Task to carry out:
Tell how many lines of the data include the word "generated". Nothing but the number belongs in the answer.

Saved entries

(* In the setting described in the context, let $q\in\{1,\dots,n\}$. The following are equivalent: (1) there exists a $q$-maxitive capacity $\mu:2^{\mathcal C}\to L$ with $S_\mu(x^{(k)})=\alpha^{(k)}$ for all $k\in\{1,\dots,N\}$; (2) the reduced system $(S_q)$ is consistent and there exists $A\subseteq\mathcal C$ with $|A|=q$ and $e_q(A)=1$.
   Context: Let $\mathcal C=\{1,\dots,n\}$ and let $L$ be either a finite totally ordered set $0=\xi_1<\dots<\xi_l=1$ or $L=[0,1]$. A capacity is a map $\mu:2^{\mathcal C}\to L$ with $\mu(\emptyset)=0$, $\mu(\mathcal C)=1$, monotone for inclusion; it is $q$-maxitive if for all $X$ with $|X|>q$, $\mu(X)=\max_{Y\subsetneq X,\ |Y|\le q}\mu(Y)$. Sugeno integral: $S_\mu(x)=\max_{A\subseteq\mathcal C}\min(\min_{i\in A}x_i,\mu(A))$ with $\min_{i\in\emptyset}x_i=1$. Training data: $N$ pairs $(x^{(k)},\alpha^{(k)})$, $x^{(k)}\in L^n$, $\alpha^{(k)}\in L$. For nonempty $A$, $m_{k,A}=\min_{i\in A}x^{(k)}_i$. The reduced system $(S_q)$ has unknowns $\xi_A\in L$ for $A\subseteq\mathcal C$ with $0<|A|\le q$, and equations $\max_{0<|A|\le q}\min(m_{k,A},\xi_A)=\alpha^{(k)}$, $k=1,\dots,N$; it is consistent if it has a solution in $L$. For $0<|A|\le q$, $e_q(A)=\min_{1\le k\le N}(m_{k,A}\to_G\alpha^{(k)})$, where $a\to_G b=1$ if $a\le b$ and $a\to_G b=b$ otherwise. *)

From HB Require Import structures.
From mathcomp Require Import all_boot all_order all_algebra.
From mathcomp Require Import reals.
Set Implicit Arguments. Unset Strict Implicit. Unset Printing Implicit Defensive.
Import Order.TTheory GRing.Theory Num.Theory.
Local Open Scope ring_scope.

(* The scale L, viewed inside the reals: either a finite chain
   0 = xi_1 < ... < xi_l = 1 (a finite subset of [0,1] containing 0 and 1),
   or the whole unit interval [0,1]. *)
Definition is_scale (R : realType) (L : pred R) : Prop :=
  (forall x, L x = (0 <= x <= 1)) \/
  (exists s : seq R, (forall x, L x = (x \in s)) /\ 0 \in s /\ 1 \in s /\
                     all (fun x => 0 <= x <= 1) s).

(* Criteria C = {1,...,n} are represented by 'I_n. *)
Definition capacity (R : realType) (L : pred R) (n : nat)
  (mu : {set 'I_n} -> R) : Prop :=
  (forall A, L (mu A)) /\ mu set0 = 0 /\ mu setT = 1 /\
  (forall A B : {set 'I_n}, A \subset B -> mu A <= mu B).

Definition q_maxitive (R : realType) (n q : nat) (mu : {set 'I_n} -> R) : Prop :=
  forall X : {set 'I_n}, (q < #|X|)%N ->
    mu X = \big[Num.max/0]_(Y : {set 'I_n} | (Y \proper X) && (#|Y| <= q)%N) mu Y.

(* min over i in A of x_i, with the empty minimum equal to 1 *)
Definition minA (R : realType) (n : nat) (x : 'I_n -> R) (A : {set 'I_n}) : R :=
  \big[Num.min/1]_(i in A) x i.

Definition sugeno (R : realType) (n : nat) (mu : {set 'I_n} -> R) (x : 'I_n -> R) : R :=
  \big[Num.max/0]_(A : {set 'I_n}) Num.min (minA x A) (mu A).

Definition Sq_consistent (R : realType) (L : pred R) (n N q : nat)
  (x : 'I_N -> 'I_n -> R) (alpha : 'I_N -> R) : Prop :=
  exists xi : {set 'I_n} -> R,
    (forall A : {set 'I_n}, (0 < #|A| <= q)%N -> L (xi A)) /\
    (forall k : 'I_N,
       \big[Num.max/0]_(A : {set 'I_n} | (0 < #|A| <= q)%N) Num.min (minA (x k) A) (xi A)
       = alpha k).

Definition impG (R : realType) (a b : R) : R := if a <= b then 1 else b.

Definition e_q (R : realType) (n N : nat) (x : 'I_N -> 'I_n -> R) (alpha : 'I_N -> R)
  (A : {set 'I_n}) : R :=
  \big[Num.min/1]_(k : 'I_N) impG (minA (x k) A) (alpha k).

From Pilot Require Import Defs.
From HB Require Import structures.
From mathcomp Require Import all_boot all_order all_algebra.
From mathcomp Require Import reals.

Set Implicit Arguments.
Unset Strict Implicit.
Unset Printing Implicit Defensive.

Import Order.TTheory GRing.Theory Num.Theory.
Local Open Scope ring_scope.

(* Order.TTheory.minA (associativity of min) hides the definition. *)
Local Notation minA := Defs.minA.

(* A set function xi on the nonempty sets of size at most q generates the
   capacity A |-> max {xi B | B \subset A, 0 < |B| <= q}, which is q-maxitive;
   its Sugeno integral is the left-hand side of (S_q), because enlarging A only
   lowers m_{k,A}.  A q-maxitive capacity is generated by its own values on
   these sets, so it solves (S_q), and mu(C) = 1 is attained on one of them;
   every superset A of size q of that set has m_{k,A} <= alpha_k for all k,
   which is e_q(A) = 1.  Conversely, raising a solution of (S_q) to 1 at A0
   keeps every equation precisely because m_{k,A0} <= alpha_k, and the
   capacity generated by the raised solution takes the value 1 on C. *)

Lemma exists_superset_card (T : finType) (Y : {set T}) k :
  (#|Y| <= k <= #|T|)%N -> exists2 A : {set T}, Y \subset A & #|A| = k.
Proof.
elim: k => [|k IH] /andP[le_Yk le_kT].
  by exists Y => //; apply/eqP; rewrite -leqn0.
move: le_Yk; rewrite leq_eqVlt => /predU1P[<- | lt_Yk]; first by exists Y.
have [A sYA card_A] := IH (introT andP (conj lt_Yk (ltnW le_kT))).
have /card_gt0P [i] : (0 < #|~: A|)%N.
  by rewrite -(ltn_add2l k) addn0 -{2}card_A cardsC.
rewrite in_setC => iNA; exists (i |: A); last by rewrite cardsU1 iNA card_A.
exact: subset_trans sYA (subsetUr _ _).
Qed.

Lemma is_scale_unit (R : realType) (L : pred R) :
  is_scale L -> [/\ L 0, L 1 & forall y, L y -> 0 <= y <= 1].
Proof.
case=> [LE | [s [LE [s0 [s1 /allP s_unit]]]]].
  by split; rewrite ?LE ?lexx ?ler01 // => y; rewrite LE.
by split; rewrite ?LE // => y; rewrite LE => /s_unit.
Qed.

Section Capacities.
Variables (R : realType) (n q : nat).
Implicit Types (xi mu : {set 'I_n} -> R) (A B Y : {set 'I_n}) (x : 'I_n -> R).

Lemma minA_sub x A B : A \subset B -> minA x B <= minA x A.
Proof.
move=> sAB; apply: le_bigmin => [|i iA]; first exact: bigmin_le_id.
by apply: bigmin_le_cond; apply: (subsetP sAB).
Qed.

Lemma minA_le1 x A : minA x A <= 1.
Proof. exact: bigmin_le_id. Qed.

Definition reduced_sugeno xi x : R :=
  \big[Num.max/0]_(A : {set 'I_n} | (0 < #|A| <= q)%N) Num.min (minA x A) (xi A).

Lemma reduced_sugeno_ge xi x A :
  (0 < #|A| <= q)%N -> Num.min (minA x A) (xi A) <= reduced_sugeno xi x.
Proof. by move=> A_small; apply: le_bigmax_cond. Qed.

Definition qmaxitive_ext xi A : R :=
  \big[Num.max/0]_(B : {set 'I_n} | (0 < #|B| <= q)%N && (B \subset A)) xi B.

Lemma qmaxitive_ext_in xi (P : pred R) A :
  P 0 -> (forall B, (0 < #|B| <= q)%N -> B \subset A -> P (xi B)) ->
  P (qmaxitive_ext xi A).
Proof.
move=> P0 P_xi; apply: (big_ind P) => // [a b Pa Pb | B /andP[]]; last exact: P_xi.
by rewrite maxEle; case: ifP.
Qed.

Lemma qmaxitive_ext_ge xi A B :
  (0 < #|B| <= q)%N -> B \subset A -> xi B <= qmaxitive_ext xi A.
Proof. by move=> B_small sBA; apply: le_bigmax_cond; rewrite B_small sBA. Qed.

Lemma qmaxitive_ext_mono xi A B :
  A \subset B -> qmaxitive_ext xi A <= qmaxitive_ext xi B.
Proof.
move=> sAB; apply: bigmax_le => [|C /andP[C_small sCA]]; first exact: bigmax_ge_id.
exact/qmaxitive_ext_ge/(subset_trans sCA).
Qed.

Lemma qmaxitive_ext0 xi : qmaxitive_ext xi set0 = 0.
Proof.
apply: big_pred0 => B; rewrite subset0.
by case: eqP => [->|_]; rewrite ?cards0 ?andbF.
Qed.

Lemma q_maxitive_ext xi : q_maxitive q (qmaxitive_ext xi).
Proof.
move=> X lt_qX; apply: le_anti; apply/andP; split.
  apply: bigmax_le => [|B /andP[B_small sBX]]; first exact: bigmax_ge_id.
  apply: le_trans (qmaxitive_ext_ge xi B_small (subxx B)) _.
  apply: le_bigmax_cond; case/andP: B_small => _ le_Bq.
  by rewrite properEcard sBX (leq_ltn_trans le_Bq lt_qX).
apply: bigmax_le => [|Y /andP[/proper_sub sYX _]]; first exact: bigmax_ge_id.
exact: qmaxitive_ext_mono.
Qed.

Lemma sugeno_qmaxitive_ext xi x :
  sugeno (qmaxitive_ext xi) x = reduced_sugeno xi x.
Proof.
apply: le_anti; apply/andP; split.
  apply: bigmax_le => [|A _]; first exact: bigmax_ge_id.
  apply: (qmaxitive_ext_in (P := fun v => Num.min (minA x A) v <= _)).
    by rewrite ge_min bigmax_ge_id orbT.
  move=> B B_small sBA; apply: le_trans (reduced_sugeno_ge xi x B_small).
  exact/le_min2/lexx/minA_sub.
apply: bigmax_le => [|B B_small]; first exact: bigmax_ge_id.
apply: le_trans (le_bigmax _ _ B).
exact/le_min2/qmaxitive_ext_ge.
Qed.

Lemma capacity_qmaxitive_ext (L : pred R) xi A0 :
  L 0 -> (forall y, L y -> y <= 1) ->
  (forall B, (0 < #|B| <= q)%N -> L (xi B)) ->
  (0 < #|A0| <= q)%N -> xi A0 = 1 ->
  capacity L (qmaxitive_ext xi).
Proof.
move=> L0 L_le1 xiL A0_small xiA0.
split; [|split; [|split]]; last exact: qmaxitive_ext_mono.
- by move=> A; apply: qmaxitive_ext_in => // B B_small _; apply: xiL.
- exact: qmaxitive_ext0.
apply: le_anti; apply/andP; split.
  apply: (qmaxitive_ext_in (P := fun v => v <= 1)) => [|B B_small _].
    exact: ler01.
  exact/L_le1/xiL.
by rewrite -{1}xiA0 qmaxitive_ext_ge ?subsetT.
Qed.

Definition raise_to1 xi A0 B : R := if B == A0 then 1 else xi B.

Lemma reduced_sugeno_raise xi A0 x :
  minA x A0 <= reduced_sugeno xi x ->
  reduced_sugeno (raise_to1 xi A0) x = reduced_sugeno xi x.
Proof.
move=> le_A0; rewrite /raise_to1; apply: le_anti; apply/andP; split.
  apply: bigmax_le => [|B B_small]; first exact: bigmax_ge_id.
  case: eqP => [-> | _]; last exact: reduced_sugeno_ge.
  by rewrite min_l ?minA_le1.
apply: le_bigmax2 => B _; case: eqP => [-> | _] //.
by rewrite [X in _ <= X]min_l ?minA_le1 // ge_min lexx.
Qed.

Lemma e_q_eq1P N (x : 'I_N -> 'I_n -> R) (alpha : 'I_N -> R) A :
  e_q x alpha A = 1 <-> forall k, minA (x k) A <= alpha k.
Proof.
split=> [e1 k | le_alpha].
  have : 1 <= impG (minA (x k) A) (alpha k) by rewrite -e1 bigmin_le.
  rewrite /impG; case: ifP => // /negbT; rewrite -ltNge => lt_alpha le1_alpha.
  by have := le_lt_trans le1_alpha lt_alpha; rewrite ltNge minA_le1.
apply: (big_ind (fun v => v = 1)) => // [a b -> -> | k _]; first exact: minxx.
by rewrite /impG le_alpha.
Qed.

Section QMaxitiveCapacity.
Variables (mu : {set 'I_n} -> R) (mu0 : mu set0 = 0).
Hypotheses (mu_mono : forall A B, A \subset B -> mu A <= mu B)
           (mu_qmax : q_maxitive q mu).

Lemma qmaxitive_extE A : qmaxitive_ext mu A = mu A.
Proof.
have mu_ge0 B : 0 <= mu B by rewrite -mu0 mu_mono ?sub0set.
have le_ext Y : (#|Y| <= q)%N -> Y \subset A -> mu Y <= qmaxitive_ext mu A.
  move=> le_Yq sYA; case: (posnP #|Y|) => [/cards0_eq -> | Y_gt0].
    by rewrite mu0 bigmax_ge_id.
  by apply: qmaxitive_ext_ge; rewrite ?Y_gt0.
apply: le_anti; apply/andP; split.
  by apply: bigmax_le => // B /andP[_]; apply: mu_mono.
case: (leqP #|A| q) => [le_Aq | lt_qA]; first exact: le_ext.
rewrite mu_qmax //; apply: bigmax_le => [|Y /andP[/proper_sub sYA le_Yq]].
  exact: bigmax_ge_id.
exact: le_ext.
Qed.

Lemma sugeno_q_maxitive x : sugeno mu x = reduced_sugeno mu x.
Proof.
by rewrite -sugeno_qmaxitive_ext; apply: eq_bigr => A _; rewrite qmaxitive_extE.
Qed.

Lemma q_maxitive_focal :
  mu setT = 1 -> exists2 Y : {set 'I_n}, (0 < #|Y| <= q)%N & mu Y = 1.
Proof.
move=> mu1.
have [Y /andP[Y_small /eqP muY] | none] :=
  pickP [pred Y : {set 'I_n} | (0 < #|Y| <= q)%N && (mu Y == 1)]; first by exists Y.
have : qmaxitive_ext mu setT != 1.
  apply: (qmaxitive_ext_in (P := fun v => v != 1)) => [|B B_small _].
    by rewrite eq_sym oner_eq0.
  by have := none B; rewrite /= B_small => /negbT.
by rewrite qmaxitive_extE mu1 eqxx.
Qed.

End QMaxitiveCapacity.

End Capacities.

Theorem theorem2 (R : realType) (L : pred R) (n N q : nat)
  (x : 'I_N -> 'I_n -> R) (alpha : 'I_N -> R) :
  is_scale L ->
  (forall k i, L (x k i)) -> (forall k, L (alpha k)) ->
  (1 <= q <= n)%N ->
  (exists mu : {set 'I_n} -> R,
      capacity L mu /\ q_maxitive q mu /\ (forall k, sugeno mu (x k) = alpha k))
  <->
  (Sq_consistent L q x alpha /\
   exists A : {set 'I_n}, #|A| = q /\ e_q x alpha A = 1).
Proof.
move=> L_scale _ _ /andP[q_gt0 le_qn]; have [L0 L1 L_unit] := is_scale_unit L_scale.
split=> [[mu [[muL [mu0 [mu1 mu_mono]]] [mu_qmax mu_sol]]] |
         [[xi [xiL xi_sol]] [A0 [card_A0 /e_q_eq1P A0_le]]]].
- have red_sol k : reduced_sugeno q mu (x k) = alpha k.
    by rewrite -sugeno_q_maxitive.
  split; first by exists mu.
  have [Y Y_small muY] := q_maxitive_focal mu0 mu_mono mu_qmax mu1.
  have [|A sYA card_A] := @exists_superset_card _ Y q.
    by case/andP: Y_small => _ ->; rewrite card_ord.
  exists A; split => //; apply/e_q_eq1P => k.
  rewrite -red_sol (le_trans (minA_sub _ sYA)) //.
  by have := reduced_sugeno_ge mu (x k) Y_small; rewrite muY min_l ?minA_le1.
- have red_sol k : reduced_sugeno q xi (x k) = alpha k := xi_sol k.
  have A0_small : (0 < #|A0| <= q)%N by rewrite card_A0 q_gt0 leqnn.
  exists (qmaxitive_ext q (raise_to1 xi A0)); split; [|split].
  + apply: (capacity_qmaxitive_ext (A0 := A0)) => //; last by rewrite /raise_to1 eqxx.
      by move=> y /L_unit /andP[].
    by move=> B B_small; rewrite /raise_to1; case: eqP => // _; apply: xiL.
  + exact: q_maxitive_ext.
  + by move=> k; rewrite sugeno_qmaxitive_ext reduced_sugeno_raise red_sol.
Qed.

Response:
2